[MATERIAL SHOWN — start]

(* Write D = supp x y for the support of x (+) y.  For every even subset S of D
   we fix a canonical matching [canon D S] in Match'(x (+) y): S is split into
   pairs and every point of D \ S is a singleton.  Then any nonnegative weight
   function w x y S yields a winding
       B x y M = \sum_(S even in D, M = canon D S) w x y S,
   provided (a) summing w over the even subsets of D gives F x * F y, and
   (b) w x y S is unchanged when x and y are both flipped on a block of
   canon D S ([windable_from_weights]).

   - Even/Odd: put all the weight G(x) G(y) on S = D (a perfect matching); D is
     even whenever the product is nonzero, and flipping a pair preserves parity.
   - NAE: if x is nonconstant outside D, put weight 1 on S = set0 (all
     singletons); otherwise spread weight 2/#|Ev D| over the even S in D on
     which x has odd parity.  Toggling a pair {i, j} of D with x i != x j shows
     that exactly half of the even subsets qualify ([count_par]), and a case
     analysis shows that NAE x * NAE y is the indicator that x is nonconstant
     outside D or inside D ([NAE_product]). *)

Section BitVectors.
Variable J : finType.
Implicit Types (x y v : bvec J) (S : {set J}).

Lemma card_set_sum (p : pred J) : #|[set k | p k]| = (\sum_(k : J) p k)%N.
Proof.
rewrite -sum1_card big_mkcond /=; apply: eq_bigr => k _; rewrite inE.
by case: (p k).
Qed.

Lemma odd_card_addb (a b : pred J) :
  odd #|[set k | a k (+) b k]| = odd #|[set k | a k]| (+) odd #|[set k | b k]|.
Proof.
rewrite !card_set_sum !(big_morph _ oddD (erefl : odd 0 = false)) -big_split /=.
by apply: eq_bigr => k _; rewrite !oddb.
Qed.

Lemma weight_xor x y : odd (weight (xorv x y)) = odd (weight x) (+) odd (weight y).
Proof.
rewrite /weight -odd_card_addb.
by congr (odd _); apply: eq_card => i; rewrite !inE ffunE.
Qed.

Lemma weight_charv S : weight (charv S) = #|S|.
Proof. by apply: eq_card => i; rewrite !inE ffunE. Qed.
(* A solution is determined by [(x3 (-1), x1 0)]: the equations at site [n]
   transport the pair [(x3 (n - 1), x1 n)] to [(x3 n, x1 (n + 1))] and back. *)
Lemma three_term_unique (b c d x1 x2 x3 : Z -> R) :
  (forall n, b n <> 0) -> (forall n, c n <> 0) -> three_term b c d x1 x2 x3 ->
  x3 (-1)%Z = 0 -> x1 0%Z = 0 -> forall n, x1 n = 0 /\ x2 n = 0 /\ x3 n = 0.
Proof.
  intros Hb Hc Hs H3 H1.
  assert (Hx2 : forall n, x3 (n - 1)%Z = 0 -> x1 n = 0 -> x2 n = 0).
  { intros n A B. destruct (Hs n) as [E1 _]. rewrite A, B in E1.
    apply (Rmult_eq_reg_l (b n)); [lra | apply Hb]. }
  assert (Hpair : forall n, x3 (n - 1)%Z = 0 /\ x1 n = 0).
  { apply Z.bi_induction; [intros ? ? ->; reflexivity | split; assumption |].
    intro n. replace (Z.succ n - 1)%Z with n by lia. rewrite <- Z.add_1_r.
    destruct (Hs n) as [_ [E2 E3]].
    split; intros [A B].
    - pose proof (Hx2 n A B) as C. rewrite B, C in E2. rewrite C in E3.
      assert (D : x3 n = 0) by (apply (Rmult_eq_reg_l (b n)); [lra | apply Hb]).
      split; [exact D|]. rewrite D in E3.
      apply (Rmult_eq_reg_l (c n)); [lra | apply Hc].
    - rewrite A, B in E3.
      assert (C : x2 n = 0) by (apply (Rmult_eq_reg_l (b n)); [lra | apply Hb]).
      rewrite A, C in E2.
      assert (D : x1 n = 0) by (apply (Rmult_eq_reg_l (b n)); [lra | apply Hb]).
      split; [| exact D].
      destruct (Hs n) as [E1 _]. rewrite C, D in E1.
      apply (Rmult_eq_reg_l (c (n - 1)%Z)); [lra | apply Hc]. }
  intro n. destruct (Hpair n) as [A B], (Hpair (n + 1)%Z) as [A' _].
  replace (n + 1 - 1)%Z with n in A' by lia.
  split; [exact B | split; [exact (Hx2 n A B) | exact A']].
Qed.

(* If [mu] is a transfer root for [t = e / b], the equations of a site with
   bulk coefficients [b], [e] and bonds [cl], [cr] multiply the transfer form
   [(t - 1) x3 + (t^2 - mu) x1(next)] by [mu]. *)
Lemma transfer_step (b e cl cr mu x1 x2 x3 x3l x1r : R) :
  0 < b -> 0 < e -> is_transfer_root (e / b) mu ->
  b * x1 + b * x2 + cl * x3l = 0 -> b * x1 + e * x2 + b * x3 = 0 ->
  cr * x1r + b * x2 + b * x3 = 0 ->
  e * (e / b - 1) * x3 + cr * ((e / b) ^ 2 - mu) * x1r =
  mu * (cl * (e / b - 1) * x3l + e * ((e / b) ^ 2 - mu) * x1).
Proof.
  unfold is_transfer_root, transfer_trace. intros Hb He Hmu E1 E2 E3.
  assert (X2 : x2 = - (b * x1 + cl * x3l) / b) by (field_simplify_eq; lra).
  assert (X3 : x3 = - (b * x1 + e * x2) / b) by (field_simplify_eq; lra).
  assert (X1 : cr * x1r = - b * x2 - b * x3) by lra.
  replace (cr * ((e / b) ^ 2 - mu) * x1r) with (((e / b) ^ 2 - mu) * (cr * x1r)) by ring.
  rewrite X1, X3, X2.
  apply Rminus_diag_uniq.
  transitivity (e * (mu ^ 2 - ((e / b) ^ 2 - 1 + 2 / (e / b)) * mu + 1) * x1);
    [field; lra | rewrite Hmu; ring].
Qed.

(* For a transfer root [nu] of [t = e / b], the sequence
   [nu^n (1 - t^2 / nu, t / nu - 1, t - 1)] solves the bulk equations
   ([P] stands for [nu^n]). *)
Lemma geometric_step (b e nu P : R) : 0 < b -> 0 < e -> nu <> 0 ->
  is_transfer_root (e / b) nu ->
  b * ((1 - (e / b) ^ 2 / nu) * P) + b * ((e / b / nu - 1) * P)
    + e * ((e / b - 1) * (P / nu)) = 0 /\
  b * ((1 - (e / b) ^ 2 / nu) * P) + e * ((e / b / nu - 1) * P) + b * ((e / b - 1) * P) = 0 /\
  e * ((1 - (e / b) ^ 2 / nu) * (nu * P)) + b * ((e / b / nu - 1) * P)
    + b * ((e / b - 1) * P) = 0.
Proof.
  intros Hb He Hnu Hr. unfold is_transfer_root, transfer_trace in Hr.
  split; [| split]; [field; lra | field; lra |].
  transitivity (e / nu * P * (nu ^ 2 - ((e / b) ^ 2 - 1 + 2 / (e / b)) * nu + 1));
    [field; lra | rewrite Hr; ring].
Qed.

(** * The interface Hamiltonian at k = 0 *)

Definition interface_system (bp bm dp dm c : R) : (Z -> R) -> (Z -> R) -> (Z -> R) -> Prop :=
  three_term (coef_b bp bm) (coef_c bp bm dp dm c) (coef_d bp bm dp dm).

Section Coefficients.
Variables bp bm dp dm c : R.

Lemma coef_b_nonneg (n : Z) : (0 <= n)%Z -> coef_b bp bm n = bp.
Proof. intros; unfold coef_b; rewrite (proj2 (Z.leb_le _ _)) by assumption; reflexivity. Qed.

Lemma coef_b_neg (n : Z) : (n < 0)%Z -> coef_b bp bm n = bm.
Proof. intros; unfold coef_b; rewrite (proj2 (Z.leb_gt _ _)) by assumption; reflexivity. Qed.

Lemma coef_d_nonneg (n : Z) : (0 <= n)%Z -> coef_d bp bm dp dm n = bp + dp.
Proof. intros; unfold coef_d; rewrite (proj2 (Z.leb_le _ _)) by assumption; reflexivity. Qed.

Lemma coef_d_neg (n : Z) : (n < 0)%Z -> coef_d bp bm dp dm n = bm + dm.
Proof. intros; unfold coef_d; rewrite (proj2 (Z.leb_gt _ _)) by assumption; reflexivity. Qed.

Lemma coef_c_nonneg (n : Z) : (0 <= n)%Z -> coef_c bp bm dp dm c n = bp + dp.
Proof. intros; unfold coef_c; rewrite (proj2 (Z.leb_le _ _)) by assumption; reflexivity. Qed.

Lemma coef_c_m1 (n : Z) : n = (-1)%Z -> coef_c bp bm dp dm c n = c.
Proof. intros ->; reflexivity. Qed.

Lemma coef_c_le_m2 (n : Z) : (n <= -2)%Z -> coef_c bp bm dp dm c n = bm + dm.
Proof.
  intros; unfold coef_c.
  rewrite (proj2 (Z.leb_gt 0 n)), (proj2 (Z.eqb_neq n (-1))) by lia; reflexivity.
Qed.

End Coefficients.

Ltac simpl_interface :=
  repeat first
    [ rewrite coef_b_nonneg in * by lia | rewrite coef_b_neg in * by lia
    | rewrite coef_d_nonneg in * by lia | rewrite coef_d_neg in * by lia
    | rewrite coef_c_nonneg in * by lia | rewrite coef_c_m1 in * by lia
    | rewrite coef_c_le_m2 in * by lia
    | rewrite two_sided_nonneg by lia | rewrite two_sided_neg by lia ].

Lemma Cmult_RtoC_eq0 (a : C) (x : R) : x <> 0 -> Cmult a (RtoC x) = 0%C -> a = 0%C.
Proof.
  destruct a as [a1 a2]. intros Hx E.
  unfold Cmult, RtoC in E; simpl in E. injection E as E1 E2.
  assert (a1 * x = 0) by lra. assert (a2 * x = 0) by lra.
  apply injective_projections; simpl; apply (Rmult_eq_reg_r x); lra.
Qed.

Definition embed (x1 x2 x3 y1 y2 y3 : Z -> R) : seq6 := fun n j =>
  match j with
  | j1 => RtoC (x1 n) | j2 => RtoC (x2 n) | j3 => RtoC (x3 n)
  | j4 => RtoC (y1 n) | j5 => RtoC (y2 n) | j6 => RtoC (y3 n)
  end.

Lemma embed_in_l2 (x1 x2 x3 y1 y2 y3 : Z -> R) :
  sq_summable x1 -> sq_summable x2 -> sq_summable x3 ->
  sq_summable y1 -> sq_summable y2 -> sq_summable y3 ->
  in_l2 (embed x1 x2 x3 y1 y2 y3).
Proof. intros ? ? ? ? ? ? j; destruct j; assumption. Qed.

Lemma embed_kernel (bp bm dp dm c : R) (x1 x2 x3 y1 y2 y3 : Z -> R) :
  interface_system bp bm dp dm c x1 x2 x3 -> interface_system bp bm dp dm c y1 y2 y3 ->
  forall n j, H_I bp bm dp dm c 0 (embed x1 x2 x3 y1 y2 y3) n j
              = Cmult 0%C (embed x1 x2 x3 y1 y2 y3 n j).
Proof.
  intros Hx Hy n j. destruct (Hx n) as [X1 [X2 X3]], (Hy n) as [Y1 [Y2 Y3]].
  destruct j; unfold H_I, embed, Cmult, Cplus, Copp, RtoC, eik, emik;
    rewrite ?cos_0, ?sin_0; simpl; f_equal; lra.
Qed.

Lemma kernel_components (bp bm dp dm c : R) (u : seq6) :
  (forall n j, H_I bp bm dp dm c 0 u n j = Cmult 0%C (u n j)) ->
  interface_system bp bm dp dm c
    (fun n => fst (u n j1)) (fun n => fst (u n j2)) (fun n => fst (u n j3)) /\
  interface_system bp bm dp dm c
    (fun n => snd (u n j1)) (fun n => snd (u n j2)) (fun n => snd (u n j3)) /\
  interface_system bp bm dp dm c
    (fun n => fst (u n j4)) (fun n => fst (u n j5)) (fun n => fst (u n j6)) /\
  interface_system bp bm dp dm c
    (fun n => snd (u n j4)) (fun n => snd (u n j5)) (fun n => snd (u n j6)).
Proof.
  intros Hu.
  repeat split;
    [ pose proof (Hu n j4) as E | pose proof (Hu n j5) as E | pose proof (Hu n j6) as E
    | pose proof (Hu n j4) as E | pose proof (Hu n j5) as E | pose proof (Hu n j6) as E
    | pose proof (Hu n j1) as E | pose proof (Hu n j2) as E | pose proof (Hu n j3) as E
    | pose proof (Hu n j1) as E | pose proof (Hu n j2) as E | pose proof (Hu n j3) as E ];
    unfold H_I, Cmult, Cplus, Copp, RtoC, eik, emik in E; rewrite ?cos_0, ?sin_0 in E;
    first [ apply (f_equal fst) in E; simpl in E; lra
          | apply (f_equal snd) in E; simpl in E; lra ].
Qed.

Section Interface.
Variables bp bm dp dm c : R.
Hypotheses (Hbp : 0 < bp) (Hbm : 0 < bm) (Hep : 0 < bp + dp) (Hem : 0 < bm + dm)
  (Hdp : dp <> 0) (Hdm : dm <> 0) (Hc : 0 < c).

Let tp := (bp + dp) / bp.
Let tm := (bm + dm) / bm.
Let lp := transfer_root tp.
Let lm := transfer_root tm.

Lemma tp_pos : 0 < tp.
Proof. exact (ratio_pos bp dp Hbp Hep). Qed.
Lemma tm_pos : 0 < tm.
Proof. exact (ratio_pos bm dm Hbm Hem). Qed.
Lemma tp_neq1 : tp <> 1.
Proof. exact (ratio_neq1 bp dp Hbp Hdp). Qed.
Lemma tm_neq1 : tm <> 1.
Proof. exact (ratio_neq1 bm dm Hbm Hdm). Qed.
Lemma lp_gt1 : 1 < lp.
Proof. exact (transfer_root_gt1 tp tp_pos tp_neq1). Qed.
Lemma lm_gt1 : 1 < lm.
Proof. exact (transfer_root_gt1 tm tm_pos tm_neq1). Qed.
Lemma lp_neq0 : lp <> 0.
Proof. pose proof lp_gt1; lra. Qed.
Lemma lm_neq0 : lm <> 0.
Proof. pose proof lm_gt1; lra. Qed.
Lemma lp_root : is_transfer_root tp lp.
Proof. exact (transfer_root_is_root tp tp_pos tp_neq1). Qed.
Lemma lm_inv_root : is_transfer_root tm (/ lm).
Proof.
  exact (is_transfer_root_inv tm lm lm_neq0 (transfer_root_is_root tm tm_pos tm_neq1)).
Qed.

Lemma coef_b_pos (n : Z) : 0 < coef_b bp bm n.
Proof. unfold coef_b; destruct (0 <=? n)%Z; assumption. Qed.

[MATERIAL SHOWN — finish]

Extract all lines of the records above that include "case".

• SOLUTION BELOW:
     that exactly half of the even subsets qualify ([count_par]), and a case
by case: (p k).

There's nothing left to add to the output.